Lemma adjoin_complete : p_Cauchy_complete q -> p_Cauchy_complete adjoin.
Proof.
  intros Hc u [L HL].
  destruct (classic (forall N, exists n, (N <= n)%nat /\ u n = inr tt)) as [Hinf | Hfin].
  - assert (Hcv : Un_cv (fun n => adjoin (inr tt) (u n)) L).
    { intros eps Heps; destruct (HL eps Heps) as [N HN]; exists N; intros n Hn.
      destruct (Hinf N) as [m [Hm Hum]]; specialize (HN m n Hm Hn).
      rewrite Hum in HN; exact HN. }
    assert (HL' : adjoin (inr tt) (inr tt) = L).
    { apply cond_eq; intros eps Heps; destruct (HL eps Heps) as [N HN].
      destruct (Hinf N) as [m [Hm Hum]]; specialize (HN m m Hm Hm).
      rewrite Hum in HN; exact HN. }
    exists (inr tt); split; rewrite HL'; [exact Hcv | exact (Un_cv2_diag _ _ HL)].
  - apply not_all_ex_not in Hfin as [N HN].
    set (w := fun k => match u (k + N)%nat with inl y => y | inr _ => a end).
    assert (Hw : forall k, u (k + N)%nat = inl (w k)).
    { intros k; unfold w; destruct (u (k + N)%nat) as [y|[]] eqn:E; [reflexivity|].
      exfalso; apply HN; exists (k + N)%nat; split; [lia | exact E]. }
    assert (Hwc : p_Cauchy q w).
    { exists L; intros eps Heps; destruct (HL eps Heps) as [M HM]; exists M.
      intros k l Hk Hl; specialize (HM (k + N)%nat (l + N)%nat ltac:(lia) ltac:(lia)).
      rewrite !Hw in HM; exact HM. }
    destruct (Hc w Hwc) as [z [Hz Hzz]].
    exists (inl z); split; apply (CV_shift _ N);
      [apply (Un_cv_ext (fun k => q z (w k))) | apply (Un_cv_ext (fun k => q (w k) (w k)))];
      try assumption; intros k; rewrite Hw; reflexivity.
Qed.

Lemma adjoin_dense {X : Type} (j : X -> Y) (x0 : X) :
  j x0 = a -> p_dense q (image_of j) -> p_dense adjoin (image_of (fun x => inl (j x))).
Proof.
  intros Hx0 Hj [y|[]] eps Heps.
  - destruct (Hj y eps Heps) as [_ [[x <-] Hball]].
    exists (inl (j x)); split; [exists x; reflexivity | exact Hball].
  - exists (inl a); split; [exists x0; rewrite Hx0; reflexivity|].
    unfold pball; simpl; lra.
Qed.

Lemma adjoin_not_sym_dense (A : Y + unit -> Prop) :
  ~ A (inr tt) -> ~ p_sym_dense adjoin A.
Proof.
  intros HA Hdense.
  destruct (Hdense (inr tt) 1 ltac:(lra)) as [[y|[]] [Hy [Hball _]]]; [|contradiction].
  unfold pball in Hball; simpl in Hball.
  pose proof (pm_self_r q Hq a y); lra.
Qed.

End AdjoinPoint.

Theorem theorem1p4 (X : Type) (pX : X -> X -> R) :
  is_partial_metric pX -> inhabited X ->
  exists (Y : Type) (pY : Y -> Y -> R) (i : X -> Y),
    p_Cauchy_completion pX pY i /\ ~ p_sym_dense pY (image_of i).
Proof.
  intros Hp [x0].
  pose proof (pC_partial_metric pX Hp) as HC.
  exists (completion pX + unit)%type, (adjoin (pC pX) (embed pX x0)),
    (fun x => inl (embed pX x)).
  split; [split; [|split; [|split]]|].
  - exact (adjoin_partial_metric _ HC _).
  - apply adjoin_complete, (complete_of_seq_dense_image _ HC (embed pX)).
    + exact (embed_seq_dense pX Hp).
    + exact (embed_cauchy_converges pX Hp).
  - exact (embed_isometric pX Hp).
  - apply (adjoin_dense _ _ (embed pX) x0 eq_refl).
    exact (p_dense_of_seq_dense _ (embed pX) (embed_seq_dense pX Hp)).
  - apply (adjoin_not_sym_dense _ HC); intros [x Hx]; discriminate.
Qed.
Lemma placed_partD o f g :
  placed_part o (fadd f g) = fadd (placed_part o f) (placed_part o g).
Proof.
apply: functional_extensionality => t.
by rewrite /placed_part /fadd; case: ifP => //; rewrite addr0.
Qed.

Lemma placed_partZ o c f : placed_part o (fscale c f) = fscale c (placed_part o f).
Proof.
apply: functional_extensionality => t.
by rewrite /placed_part /fscale; case: ifP => //; rewrite mulr0.
Qed.

Lemma placed_part0 o : placed_part o (@fzero K (pmon n)) = @fzero K (pmon n).
Proof. by apply: functional_extensionality => t; rewrite /placed_part /fzero; case: ifP. Qed.

(* If a sub-monomial of a placed monomial is itself placed, its columns form a
   contiguous block. *)
Lemma placed_filter o k w (P : pred (pvar n)) :
  placed k [seq x <- place o w | P x] ->
  let e := count P (place o w) in let p := if e == 0 then 0 else k - o in
  [/\ p + e <= size w, (e == 0) || (o <= k),
      [seq x <- place o w | P x] = place (o + p) (take e (drop p w)) &
      [seq x <- place o w | ~~ P x] = place o (take p w) ++ place (o + p + e) (drop (p + e) w)].
Proof.
move=> /eqP lp e p.
have hm : mask (map P (place o w)) (iota o.+1 (size w)) = iota k.+1 e.
  have := congr1 (map snd) lp; rewrite map_snd_place size_map size_filter => <-.
  by rewrite filter_mask map_mask map_snd_place.
have szm : size (map P (place o w)) = size w by rewrite size_map size_place.
have [] := mask_iota_block szm hm; rewrite subSS -/p => hpe hk hm2.
have ht := place_split3 o hpe.
have s1 : size (take p w) = p by rewrite size_takel //; lia.
have s2 : size (take e (drop p w)) = e by rewrite size_takel // size_drop; lia.
split => //; first by rewrite filter_mask hm2 [X in mask _ X]ht mask_blocks // size_place.
rewrite filter_mask -[map _ _]/(map (negb \o P) _) map_comp hm2 !map_cat !map_nseq /=.
by rewrite [X in mask _ X]ht mask_blocksC // ?size_place // size_drop; lia.
Qed.

(* [frame o k u]: the monomial u, together with a placed block in the columns
   k+1, ..., k + gap o u, fills exactly the columns o+1, ..., d; the letters of
   u before and after the block are [pre_word] and [suf_word]. *)
Definition gap (o : nat) (u : pmon n) := d - o - size u.
Definition pre_len o k u := if gap o u == 0 then 0 else k - o.
Definition mon_word (u : pmon n) := map fst (sort (@lek n) u).
Definition pre_word o k u := take (pre_len o k u) (mon_word u).
Definition suf_word o k u := drop (pre_len o k u) (mon_word u).
Definition frame o k (u : pmon n) : bool :=
  [&& uniq u, o + size u <= d, (gap o u == 0) || ((o <= k) && (k - o <= size u)) &
      sort (@lek n) u == place o (pre_word o k u)
                         ++ place (o + pre_len o k u + gap o u) (suf_word o k u)].

Lemma size_mon_word (u : pmon n) : size (mon_word u) = size u.
Proof. by rewrite /mon_word size_map size_sort. Qed.

Lemma frame_of_cover o k (u : pmon n) (w : word n) : size w + o = d ->
  uniq u -> all (mem (place o w)) u -> placed k [seq x <- place o w | x \notin u] ->
  [/\ frame o k u, take (pre_len o k u) w = pre_word o k u,
      drop (pre_len o k u + gap o u) w = suf_word o k u &
      [seq x <- place o w | x \notin u]
        = place (o + pre_len o k u) (take (gap o u) (drop (pre_len o k u) w))].
Proof.
move=> hw uu sub lp.
have pus : perm_eq u [seq x <- place o w | x \in u].
  apply: uniq_perm => //; first exact: filter_uniq (uniq_place o w).
  by move=> x; rewrite mem_filter; case xu: (x \in u) => //=; exact/esym/(allP sub).
have he : gap o u = count (fun x => x \notin u) (place o w).
  have := count_predC (mem u) (place o w); rewrite size_place -size_filter -(perm_size pus).
  by move=> H; rewrite /gap -hw addnK -H addKn.
have [] := placed_filter lp; rewrite -he -/(pre_len o k u) => hpe hk hin hout.
have hsort : sort (@lek n) u = [seq x <- place o w | x \in u].
  apply: sort_lek_eq => //; apply: sorted_filter; first exact: lek_trans.
  by case/andP: (valid_place o w).
rewrite (eq_filter (a2 := fun x => x \in u)) in hout; last by move=> x; rewrite negbK.
have hW : mon_word u = take (pre_len o k u) w ++ drop (pre_len o k u + gap o u) w.
  by rewrite /mon_word hsort hout map_cat !map_fst_place.
have ha : pre_word o k u = take (pre_len o k u) w.
  by rewrite /pre_word hW take_size_cat ?size_takel //; lia.
have hb : suf_word o k u = drop (pre_len o k u + gap o u) w.
  by rewrite /suf_word hW drop_size_cat ?size_takel //; lia.
split => //; rewrite /frame uu hsort hout ha hb eqxx andbT /=.
have hsz : size u <= size w.
  by rewrite (perm_size pus) size_filter -(size_place o w) count_size.
have hg : gap o u = size w - size u by rewrite /gap -hw addnK.
apply/andP; split; first lia.
by move: hk hpe; rewrite /pre_len hg; case: eqVneq => [->|ne] //=; lia.
Qed.

Lemma frame_sizes o k (u : pmon n) (w : word n) : size w + o = d -> frame o k u ->
  [/\ size (pre_word o k u) = pre_len o k u,
      size w - size (suf_word o k u) = pre_len o k u + gap o u
    & pre_len o k u + gap o u <= size w].
Proof.
move=> hw /and4P[_ hud hk _].
have hp : pre_len o k u <= size u.
  by move: hk; rewrite /pre_len; case: (eqVneq (gap o u) 0) => //= _; lia.
have hg : gap o u + size u = size w by rewrite /gap; lia.
rewrite /pre_word /suf_word size_take size_drop size_mon_word.
by split; try lia; case: ltnP; lia.
Qed.
Lemma nnls_kkt u : nnls_solution u ->
  (forall j, j \in E -> 0 <= nnls_grad u j 0) /\ dotv u (nnls_grad u) = 0.
Proof.
move=> [[u_ge0 u_supp] u_min].
have shift_ge0 s v : nnls_feasible (u + s *: v) ->
    0 <= 2 * s * dotv v (nnls_grad u) + s ^+ 2 * norm2 (M *m v).
  by move=> /u_min; rewrite nnls_obj_shift; lra.
have grad_ge0 j : j \in E -> 0 <= nnls_grad u j 0.
  move=> j_E; apply: (quadratic_ge0_slope_ge0 (norm2_ge0 _)) => s s_gt0 _.
  rewrite -dotv_delta; apply: shift_ge0; split=> i i_E; rewrite !mxE.
    by rewrite addr_ge0 ?u_ge0 // mulr_ge0 ?ler0n // ltW.
  have -> : (i == j) = false by apply: (contraNF _ i_E) => /eqP ->.
  by rewrite u_supp // mulr0 addr0.
have stretch_feas s : -1 <= s -> nnls_feasible (u + s *: u).
  move=> s_ge; split=> i i_E; rewrite !mxE; last by rewrite u_supp // mulr0 addr0.
  have := u_ge0 i i_E; nra.
have := norm2_ge0 (M *m u) => Mu_ge0.
split=> //; apply/eqP; rewrite eq_le; apply/andP; split.
  rewrite -oppr_ge0; apply: (quadratic_ge0_slope_ge0 Mu_ge0) => s s_gt0 s_le1.
  have shrink_feas : nnls_feasible (u + - s *: u) by apply: stretch_feas; lra.
  by have := shift_ge0 _ _ shrink_feas; rewrite sqrrN; lra.
apply: (quadratic_ge0_slope_ge0 Mu_ge0) => s s_gt0 _.
by apply: shift_ge0; apply: stretch_feas; lra.
Qed.

Lemma nnls_complementarity u j : nnls_solution u -> u j 0 * nnls_grad u j 0 = 0.
Proof.
move=> u_sol; have [grad_ge0 orth] := nnls_kkt u_sol.
have term_ge0 i : xpredT i -> 0 <= u i 0 * nnls_grad u i 0.
  by move=> _; apply: nnls_feasible_mul_ge0 grad_ge0; case: u_sol.
exact: (@psumr_eq0P _ _ xpredT _ term_ge0 orth j isT).
Qed.

Lemma nnls_dual_cone_pythagoras u y : nnls_solution u -> dual_cone y ->
  norm2 (M *m u) + norm2 (y - (M *m u - c)) <= norm2 (y + c).
Proof.
move=> u_sol y_cone; have [_ orth] := nnls_kkt u_sol.
have y_pos : 0 <= dotv u (M^T *m y).
  by apply: nnls_feasible_dotv_ge0 y_cone; case: u_sol.
have -> : y + c = (y - (M *m u - c)) + M *m u by rewrite opprB addrA subrK.
rewrite [X in _ <= X]norm2D dotvBl (dotvC y) (dotvC (M *m u - c)) !dotv_mulmx -/(nnls_grad u).
rewrite orth subr0; lra.
Qed.

Lemma nnls_dual_cone_projection u x : nnls_solution u ->
  (dual_cone x /\ forall y, dual_cone y -> norm2 (x + c) <= norm2 (y + c))
  <-> x = M *m u - c.
Proof.
move=> u_sol; have [grad_ge0 _] := nnls_kkt u_sol.
have d_cone : dual_cone (M *m u - c) := grad_ge0.
split=> [[x_cone x_min] | ->].
  have := nnls_dual_cone_pythagoras u_sol x_cone; have := x_min _ d_cone.
  rewrite subrK => le1 le2; have := norm2_ge0 (M *m u).
  have : norm2 (x - (M *m u - c)) <= 0 by lra.
  by move/norm2_le0/eqP; rewrite subr_eq0 => /eqP.
split=> // y y_cone; rewrite subrK.
have := nnls_dual_cone_pythagoras u_sol y_cone.
have := norm2_ge0 (y - (M *m u - c)); lra.
Qed.

End NNLS.

Section Direction.
Variables (R : realType) (m n : nat) (A : 'M[R]_(m, n)) (t : R) (b p0 : 'cV[R]_m).
Local Notation E := (Eset A p0).
Local Notation M := (A *m Dmx A p0).
Local Notation c := (b + t *: p0).

Lemma subdiff_nnls x :
  subdiff A t b p0 x <-> exists w, nnls_feasible E w /\ x = c - M *m w.
Proof.
split=> [[u [u_ge0 ->]] | [w [[w_ge0 w_supp] ->]]].
  exists (\sum_(j in E) u j 0 *: delta_mx j 0); split.
    by split=> j j_E; rewrite sum_delta_mx_coord ?j_E ?u_ge0 // (negbTE j_E).
  by rewrite mulmx_sum_delta [t *: p0 + b]addrC.
exists w; split=> //.
by rewrite mulmx_sum_delta sum_delta_mx_supported // [t *: p0 + b]addrC.
Qed.

Lemma subdiff_midpoint x y : subdiff A t b p0 x -> subdiff A t b p0 y ->
  subdiff A t b p0 (x + 2^-1 *: (y - x)).
Proof.
move=> /subdiff_nnls [v [v_feas ->]] /subdiff_nnls [w [w_feas ->]].
apply/subdiff_nnls; exists (v + 2^-1 *: (w - v)); split.
  by apply: nnls_feasible_segment; rewrite // invr_ge0 ler0n invf_le1 ?ler1n.
rewrite mulmxDr -scalemxAr mulmxBr.
by apply/matrixP => i j; rewrite !mxE; ring.
Qed.

Lemma dir_nnls_solution u : nnls_solution M E c u -> dir A t b p0 = M *m u - c.
Proof.
move=> [u_feas u_min]; rewrite /dir (@xget_min_norm_elem _ _ _ _ (c - M *m u)) ?opprB //.
  exact: subdiff_midpoint.
split=> [|y /subdiff_nnls [w [w_feas ->]]]; first by apply/subdiff_nnls; exists u.
by rewrite -(opprB (M *m u)) -(opprB (M *m w)) !norm2N; apply: u_min.
Qed.

End Direction.

Theorem lemma3p3 (R : realType) (m n : nat) (A : 'M[R]_(m, n))
  (b : 'cV[R]_m) (t : R) (p0 : 'cV[R]_m) :
  (m <= n)%N -> \rank A = m -> b != 0 ->
  0 <= t -> domV A p0 ->
  let c := b + t *: p0 in
  let E := Eset A p0 in
  let D := Dmx A p0 in
  let d := dir A t b p0 in
  let feas (x : 'cV[R]_m) := forall j, j \in E -> 0 <= (D *m A^T *m x) j 0 in
  (* d is the unique solution of the cone projection problem *)
  (forall x : 'cV[R]_m,
     (feas x /\ forall y : 'cV[R]_m, feas y -> norm2 (x + c) <= norm2 (y + c))
     <-> x = d) /\
  (* characterization via any solution of the NNLS problem *)
  (forall uh : 'cV[R]_n,
     ((forall j, j \in E -> 0 <= uh j 0) /\ (forall j, j \notin E -> uh j 0 = 0) /\
      (forall u : 'cV[R]_n,
         (forall j, j \in E -> 0 <= u j 0) -> (forall j, j \notin E -> u j 0 = 0) ->
         norm2 (A *m D *m uh - c) <= norm2 (A *m D *m u - c))) ->
     d = \sum_(j in E) uh j 0 *: (A *m D *m delta_mx j 0) - c /\
     (forall j : 'I_n, uh j 0 * (D *m A^T *m d) j 0 = 0) /\
     norm2 d + dotv c d = 0).
Proof.
move=> _ _ _ _ _ c E D d feas.
have DAT : D *m A^T = (A *m D)^T by rewrite trmx_mul /D /Dmx tr_diag_mx.
have feas_cone : feas = dual_cone (A *m D) E by apply: funext => x; rewrite /feas DAT.
have [u u_sol] := nnls_solution_exists (A *m D) E c.
split=> [x | uh [uh_ge0 [uh_supp uh_min]]].
  by rewrite feas_cone /d (dir_nnls_solution u_sol); apply: nnls_dual_cone_projection.
have uh_sol : nnls_solution (A *m D) E c uh by split=> // v [v_ge0 v_supp]; apply: uh_min.
rewrite /d (dir_nnls_solution uh_sol) DAT; split; last split.
- by rewrite mulmx_sum_delta sum_delta_mx_supported.
- by move=> j; apply: nnls_complementarity uh_sol.
- by rewrite /norm2 /c -dotvDl subrK dotv_mulmx; case: (nnls_kkt uh_sol).
Qed.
+++
What you have to do: After locating the line with "have grad_ge0 j" above, return that line and every later line through the one with "by rewrite addr_ge0", word for word and with nothing else.

The completed task:
have grad_ge0 j : j \in E -> 0 <= nnls_grad u j 0.
  move=> j_E; apply: (quadratic_ge0_slope_ge0 (norm2_ge0 _)) => s s_gt0 _.
  rewrite -dotv_delta; apply: shift_ge0; split=> i i_E; rewrite !mxE.
    by rewrite addr_ge0 ?u_ge0 // mulr_ge0 ?ler0n // ltW.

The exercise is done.